_Exercise goal_
Within the material below, locate the line with "have r_small : sqnorm" and the line with "rewrite exchange_big /=;", then return those two lines and all lines between them, exactly as written.

"""

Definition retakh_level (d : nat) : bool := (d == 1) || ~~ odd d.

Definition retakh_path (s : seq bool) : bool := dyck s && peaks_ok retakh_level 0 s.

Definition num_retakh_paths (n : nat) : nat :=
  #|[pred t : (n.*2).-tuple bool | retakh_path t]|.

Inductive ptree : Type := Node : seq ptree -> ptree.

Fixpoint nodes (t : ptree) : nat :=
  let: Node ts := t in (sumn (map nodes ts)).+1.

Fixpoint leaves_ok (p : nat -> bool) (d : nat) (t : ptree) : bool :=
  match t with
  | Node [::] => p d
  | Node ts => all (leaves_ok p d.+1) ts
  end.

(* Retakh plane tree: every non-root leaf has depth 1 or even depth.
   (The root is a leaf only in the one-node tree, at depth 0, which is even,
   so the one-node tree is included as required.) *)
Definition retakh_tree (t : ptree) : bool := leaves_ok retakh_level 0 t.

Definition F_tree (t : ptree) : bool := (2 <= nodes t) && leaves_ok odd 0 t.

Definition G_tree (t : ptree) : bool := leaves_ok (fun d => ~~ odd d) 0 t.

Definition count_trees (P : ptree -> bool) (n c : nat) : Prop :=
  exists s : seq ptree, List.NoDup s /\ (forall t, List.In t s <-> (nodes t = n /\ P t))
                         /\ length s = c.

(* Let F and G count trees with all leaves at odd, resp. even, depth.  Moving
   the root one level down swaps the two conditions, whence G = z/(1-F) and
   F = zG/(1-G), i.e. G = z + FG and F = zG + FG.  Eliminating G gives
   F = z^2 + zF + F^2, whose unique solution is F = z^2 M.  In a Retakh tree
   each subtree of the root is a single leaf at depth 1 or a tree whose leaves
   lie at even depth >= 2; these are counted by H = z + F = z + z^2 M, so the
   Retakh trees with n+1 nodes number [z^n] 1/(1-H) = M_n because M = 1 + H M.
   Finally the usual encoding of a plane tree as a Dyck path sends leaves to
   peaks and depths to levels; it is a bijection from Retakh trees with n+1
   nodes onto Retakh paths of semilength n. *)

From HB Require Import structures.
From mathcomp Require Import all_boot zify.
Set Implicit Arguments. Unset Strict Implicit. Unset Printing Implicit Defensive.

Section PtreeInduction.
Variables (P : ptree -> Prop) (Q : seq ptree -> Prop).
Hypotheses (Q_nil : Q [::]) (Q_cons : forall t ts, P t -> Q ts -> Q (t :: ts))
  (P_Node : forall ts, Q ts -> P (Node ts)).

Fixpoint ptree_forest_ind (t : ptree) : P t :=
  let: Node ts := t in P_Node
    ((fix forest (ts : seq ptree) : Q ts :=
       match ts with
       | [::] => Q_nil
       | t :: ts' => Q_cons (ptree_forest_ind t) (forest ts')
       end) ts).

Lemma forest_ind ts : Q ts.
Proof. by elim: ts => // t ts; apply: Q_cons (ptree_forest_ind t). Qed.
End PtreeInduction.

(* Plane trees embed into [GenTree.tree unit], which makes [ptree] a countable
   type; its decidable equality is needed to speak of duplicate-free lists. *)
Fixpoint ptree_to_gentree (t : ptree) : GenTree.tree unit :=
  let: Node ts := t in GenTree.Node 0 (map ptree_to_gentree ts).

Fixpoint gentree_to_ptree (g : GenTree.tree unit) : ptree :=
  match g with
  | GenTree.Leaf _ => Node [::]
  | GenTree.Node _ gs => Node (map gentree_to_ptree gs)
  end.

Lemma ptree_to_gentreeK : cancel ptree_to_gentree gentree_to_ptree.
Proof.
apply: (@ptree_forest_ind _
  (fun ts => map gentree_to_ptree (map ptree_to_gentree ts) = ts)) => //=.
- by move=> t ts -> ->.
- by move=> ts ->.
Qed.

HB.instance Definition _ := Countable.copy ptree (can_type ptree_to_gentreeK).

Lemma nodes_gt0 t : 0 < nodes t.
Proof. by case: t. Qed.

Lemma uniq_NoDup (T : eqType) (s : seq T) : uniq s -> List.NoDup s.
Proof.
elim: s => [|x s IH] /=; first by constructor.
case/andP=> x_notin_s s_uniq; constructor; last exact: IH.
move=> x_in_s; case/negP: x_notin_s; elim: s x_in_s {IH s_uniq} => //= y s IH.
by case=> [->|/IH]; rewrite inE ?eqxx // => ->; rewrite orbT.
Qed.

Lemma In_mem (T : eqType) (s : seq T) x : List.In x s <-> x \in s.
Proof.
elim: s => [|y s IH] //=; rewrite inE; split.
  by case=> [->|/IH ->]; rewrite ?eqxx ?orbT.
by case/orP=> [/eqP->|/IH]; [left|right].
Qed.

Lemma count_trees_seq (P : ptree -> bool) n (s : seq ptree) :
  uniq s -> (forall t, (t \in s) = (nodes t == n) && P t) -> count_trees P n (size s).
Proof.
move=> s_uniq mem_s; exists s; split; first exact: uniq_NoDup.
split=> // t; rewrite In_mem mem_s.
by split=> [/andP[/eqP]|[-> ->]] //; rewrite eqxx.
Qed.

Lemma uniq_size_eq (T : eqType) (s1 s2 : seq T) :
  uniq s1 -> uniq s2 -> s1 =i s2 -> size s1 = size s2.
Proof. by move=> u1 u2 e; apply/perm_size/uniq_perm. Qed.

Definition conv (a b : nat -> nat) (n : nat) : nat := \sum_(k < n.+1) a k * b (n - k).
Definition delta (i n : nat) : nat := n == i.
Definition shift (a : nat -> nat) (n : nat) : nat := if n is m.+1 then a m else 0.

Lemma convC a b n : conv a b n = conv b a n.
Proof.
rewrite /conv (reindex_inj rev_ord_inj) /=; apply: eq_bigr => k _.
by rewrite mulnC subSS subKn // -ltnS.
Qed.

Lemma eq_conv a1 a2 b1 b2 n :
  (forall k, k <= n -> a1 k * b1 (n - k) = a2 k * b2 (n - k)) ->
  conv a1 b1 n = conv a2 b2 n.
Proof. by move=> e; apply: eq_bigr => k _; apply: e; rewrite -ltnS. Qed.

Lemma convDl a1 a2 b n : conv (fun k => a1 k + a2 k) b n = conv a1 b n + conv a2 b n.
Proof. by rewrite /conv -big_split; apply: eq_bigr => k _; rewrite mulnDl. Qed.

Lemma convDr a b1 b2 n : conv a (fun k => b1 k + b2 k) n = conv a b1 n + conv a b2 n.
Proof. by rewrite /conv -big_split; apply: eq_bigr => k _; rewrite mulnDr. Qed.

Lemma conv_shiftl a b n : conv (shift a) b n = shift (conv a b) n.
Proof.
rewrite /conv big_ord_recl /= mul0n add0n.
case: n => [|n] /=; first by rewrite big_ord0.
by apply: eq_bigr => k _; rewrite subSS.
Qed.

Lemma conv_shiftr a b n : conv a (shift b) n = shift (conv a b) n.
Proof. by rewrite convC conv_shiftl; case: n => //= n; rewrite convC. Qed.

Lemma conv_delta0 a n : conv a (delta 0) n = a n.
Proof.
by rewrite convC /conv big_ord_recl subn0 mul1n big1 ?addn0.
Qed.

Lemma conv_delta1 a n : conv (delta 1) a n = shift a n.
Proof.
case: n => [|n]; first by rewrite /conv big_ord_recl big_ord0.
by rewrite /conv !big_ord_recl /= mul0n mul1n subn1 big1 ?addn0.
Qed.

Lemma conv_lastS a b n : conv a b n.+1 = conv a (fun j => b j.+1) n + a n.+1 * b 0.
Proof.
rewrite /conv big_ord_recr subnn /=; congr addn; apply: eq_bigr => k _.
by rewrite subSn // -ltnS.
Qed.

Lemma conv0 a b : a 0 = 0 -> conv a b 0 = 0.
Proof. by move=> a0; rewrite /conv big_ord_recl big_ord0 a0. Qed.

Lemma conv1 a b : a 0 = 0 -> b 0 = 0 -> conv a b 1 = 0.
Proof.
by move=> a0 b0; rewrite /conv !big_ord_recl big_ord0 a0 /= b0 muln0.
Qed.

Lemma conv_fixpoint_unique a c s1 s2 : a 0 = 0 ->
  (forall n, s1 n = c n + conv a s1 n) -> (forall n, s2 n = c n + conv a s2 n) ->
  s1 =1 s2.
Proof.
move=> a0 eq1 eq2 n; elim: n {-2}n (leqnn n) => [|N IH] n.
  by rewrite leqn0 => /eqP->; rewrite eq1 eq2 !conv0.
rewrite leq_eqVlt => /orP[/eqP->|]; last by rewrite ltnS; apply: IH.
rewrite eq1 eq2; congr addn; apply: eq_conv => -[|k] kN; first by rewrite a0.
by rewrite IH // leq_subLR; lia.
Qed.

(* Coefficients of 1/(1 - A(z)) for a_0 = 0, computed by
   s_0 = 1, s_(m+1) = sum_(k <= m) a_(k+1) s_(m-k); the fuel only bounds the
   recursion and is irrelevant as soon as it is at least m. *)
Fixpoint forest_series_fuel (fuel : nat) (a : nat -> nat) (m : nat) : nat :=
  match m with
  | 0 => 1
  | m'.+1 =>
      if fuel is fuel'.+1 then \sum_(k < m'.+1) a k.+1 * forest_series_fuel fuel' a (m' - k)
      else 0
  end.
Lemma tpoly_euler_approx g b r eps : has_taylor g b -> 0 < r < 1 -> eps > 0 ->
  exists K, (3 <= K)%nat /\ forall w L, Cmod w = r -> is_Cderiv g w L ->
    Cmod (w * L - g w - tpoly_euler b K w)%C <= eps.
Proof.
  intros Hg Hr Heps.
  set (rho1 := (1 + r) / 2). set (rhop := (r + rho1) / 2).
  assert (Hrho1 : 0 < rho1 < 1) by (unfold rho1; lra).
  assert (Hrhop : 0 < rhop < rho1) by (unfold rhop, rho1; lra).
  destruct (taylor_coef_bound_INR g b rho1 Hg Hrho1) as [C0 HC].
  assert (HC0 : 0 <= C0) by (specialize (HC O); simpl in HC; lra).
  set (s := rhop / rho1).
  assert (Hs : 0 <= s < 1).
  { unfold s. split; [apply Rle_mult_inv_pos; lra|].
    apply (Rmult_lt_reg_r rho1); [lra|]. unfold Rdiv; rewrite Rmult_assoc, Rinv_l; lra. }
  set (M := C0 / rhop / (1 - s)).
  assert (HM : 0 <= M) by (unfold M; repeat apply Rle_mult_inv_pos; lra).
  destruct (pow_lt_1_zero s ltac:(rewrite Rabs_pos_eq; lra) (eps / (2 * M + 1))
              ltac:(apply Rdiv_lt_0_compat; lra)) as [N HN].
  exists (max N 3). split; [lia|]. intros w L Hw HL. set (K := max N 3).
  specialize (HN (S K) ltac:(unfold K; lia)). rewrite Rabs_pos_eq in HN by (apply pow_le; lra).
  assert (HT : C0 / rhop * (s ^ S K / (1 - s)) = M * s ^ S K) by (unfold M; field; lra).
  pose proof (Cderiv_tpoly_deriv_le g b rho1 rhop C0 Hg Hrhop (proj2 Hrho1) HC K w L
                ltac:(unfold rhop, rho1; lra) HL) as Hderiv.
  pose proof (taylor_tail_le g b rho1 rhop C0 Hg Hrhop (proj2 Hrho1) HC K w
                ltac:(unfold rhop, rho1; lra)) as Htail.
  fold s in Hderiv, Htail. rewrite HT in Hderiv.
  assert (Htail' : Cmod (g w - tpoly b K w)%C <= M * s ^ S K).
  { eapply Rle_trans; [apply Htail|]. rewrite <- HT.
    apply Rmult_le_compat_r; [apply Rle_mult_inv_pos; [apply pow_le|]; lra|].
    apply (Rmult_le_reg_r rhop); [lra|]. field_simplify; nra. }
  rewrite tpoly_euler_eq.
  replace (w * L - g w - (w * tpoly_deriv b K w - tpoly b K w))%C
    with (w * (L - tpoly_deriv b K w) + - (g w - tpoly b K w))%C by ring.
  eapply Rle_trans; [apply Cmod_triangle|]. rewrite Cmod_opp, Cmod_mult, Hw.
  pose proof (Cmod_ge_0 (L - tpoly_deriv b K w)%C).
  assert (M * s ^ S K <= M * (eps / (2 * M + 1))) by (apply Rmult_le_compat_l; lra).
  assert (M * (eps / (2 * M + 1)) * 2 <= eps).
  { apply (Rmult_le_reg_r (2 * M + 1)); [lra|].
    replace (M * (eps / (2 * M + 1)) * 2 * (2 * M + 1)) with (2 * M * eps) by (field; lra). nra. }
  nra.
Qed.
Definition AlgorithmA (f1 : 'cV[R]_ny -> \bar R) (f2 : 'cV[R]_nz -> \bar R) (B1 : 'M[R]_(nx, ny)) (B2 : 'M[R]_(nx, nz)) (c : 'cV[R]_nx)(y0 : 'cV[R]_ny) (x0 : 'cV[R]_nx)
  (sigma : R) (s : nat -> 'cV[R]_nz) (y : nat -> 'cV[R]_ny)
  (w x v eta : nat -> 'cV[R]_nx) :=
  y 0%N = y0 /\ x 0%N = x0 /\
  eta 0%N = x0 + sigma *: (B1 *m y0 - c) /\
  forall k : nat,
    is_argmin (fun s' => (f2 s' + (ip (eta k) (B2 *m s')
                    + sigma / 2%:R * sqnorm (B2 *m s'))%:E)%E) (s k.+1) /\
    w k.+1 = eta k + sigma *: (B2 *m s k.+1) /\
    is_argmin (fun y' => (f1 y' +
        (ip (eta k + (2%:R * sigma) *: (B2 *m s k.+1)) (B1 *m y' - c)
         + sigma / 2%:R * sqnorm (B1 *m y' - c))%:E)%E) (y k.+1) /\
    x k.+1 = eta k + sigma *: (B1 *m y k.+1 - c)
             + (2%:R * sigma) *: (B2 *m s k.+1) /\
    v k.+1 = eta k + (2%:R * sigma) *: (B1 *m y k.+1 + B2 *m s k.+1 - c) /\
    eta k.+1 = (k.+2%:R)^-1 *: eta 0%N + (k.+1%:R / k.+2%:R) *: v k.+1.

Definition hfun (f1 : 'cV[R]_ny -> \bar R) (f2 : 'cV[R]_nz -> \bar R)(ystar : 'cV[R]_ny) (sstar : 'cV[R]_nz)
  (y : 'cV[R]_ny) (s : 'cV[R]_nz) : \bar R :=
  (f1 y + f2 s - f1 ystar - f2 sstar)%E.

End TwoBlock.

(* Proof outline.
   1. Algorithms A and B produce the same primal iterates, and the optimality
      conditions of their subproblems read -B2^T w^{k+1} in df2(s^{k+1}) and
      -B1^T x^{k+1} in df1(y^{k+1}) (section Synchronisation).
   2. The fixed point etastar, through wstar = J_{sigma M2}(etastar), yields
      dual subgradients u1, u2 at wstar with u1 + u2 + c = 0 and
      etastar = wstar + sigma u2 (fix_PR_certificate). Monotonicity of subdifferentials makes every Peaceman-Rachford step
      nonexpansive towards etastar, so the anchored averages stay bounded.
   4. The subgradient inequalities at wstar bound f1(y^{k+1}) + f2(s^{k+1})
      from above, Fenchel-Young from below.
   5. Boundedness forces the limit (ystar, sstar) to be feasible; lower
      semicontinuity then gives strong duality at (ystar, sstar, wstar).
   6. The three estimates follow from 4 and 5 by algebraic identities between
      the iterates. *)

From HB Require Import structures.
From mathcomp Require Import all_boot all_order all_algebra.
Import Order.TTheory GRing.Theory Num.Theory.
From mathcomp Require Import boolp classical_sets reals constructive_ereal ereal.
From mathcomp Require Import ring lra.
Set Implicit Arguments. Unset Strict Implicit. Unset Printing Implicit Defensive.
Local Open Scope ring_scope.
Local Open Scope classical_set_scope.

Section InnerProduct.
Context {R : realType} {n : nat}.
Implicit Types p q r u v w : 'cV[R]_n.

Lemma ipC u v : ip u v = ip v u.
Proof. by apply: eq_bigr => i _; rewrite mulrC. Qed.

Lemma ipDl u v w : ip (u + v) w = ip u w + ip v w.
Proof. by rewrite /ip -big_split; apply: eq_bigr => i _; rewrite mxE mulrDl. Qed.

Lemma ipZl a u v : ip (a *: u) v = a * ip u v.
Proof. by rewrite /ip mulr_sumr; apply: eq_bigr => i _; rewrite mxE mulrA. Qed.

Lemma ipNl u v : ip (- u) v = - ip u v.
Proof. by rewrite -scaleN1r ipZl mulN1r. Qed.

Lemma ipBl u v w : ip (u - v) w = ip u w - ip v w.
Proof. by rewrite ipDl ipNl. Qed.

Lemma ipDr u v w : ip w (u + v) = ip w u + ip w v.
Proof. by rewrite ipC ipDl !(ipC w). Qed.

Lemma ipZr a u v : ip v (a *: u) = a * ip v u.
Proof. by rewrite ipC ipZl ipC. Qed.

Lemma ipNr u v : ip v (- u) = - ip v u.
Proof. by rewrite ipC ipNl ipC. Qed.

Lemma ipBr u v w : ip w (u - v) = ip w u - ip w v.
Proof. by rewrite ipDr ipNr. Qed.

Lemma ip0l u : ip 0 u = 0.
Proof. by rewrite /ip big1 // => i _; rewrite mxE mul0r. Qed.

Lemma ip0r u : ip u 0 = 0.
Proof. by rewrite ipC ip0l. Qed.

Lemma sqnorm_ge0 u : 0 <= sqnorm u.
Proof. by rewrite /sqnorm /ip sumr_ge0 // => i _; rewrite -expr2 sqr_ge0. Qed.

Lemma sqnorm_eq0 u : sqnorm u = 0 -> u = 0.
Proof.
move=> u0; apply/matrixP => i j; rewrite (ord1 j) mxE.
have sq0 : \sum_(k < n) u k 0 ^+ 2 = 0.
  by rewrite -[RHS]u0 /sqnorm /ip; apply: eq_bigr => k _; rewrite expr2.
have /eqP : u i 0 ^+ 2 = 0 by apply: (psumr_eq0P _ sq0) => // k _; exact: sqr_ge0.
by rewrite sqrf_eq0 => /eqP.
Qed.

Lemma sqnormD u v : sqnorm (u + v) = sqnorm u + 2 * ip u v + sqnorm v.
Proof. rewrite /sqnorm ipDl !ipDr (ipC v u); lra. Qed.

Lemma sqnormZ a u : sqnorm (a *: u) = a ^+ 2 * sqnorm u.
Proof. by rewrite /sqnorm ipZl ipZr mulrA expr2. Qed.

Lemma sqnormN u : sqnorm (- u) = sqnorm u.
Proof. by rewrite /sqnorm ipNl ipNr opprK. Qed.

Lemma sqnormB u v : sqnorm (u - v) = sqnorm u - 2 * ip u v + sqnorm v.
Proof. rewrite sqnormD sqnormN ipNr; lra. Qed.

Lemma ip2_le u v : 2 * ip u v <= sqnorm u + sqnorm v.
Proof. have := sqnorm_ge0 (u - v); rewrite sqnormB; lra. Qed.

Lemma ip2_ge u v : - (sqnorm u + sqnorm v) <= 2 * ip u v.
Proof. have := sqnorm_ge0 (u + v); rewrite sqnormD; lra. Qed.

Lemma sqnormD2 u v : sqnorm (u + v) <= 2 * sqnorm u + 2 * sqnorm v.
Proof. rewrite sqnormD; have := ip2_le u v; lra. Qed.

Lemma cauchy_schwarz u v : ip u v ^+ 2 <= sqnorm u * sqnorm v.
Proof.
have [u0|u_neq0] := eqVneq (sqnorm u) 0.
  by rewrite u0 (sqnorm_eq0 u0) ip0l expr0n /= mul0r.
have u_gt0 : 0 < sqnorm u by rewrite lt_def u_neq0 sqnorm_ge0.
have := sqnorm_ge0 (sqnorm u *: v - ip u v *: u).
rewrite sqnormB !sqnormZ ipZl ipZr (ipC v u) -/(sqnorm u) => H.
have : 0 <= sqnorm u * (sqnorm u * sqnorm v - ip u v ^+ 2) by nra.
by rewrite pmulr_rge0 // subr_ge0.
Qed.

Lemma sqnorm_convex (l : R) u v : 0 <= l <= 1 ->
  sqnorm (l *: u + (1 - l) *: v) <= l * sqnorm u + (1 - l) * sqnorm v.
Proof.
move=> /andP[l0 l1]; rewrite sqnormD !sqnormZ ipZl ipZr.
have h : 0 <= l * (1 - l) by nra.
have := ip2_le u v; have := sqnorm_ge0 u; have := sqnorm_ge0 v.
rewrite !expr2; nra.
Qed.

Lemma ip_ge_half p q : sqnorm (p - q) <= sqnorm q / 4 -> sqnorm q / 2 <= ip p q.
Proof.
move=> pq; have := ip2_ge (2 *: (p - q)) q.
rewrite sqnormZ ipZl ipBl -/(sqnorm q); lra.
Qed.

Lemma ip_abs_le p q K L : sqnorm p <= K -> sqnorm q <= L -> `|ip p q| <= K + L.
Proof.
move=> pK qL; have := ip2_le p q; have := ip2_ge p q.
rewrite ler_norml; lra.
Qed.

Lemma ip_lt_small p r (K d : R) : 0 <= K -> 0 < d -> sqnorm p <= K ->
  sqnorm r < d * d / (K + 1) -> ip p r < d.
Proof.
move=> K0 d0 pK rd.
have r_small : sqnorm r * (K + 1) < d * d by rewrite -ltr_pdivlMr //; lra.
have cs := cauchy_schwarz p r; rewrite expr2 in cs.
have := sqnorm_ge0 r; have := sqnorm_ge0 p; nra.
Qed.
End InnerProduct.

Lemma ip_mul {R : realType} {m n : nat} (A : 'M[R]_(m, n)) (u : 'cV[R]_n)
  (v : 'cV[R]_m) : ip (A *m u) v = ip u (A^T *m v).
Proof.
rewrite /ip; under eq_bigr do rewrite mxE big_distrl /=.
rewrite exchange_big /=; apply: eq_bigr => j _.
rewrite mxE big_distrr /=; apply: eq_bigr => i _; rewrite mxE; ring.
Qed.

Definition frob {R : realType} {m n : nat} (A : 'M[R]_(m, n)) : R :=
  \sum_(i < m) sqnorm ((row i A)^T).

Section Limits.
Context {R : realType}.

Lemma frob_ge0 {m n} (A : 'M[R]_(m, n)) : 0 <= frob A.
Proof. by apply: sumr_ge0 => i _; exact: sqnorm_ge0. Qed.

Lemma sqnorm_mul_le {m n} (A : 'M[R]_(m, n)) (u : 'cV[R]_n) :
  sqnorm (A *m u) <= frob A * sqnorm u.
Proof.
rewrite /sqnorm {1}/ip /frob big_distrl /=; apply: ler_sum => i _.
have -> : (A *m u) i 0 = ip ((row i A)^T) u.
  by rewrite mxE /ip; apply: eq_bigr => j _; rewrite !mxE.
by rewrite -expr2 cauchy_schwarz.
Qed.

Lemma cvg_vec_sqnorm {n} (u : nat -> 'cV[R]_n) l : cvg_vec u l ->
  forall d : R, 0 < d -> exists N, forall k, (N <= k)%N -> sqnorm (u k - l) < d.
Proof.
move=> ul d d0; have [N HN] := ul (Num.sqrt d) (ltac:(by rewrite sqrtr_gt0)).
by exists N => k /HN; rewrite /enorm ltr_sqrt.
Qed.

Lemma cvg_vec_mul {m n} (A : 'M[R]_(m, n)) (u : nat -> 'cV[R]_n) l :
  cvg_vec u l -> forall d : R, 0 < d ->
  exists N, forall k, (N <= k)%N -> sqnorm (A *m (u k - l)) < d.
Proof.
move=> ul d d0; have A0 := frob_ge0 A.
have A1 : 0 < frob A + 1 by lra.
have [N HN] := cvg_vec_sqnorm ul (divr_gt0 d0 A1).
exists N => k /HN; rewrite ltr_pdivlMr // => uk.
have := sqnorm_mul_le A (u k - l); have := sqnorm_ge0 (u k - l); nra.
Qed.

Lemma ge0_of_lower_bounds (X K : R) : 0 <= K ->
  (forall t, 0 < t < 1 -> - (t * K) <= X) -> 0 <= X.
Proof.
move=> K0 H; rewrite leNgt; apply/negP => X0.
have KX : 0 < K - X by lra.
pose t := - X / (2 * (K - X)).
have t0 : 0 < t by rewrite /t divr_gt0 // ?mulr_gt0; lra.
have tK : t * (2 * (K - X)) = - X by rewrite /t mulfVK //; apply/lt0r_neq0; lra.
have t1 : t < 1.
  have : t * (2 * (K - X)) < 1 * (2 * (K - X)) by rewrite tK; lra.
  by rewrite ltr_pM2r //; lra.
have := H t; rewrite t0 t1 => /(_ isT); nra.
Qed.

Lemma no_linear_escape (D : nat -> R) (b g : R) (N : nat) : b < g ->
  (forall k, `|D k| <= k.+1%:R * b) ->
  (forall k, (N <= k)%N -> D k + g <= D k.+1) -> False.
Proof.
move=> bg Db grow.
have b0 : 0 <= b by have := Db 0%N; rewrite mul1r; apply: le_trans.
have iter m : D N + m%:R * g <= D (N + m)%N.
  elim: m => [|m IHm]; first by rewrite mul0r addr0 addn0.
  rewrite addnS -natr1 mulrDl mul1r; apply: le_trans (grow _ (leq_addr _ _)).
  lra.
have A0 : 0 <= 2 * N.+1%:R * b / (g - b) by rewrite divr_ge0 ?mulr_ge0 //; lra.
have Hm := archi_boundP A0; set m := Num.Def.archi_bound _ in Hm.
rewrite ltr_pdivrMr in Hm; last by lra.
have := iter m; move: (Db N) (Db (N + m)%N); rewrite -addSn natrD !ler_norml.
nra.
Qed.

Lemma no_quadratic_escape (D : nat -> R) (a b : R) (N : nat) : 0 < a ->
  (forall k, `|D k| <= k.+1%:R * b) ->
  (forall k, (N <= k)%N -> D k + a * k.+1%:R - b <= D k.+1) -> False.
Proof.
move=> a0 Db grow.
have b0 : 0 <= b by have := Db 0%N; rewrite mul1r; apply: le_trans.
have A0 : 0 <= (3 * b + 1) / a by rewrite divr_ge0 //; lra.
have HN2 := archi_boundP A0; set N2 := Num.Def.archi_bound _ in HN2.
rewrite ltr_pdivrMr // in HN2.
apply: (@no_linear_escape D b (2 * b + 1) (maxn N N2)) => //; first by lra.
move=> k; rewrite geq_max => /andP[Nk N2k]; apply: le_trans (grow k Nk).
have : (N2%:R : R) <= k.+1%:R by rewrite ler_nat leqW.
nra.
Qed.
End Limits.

"""

_Result for this task_
have r_small : sqnorm r * (K + 1) < d * d by rewrite -ltr_pdivlMr //; lra.
have cs := cauchy_schwarz p r; rewrite expr2 in cs.
have := sqnorm_ge0 r; have := sqnorm_ge0 p; nra.
Qed.
End InnerProduct.

Lemma ip_mul {R : realType} {m n : nat} (A : 'M[R]_(m, n)) (u : 'cV[R]_n)
  (v : 'cV[R]_m) : ip (A *m u) v = ip u (A^T *m v).
Proof.
rewrite /ip; under eq_bigr do rewrite mxE big_distrl /=.
rewrite exchange_big /=; apply: eq_bigr => j _.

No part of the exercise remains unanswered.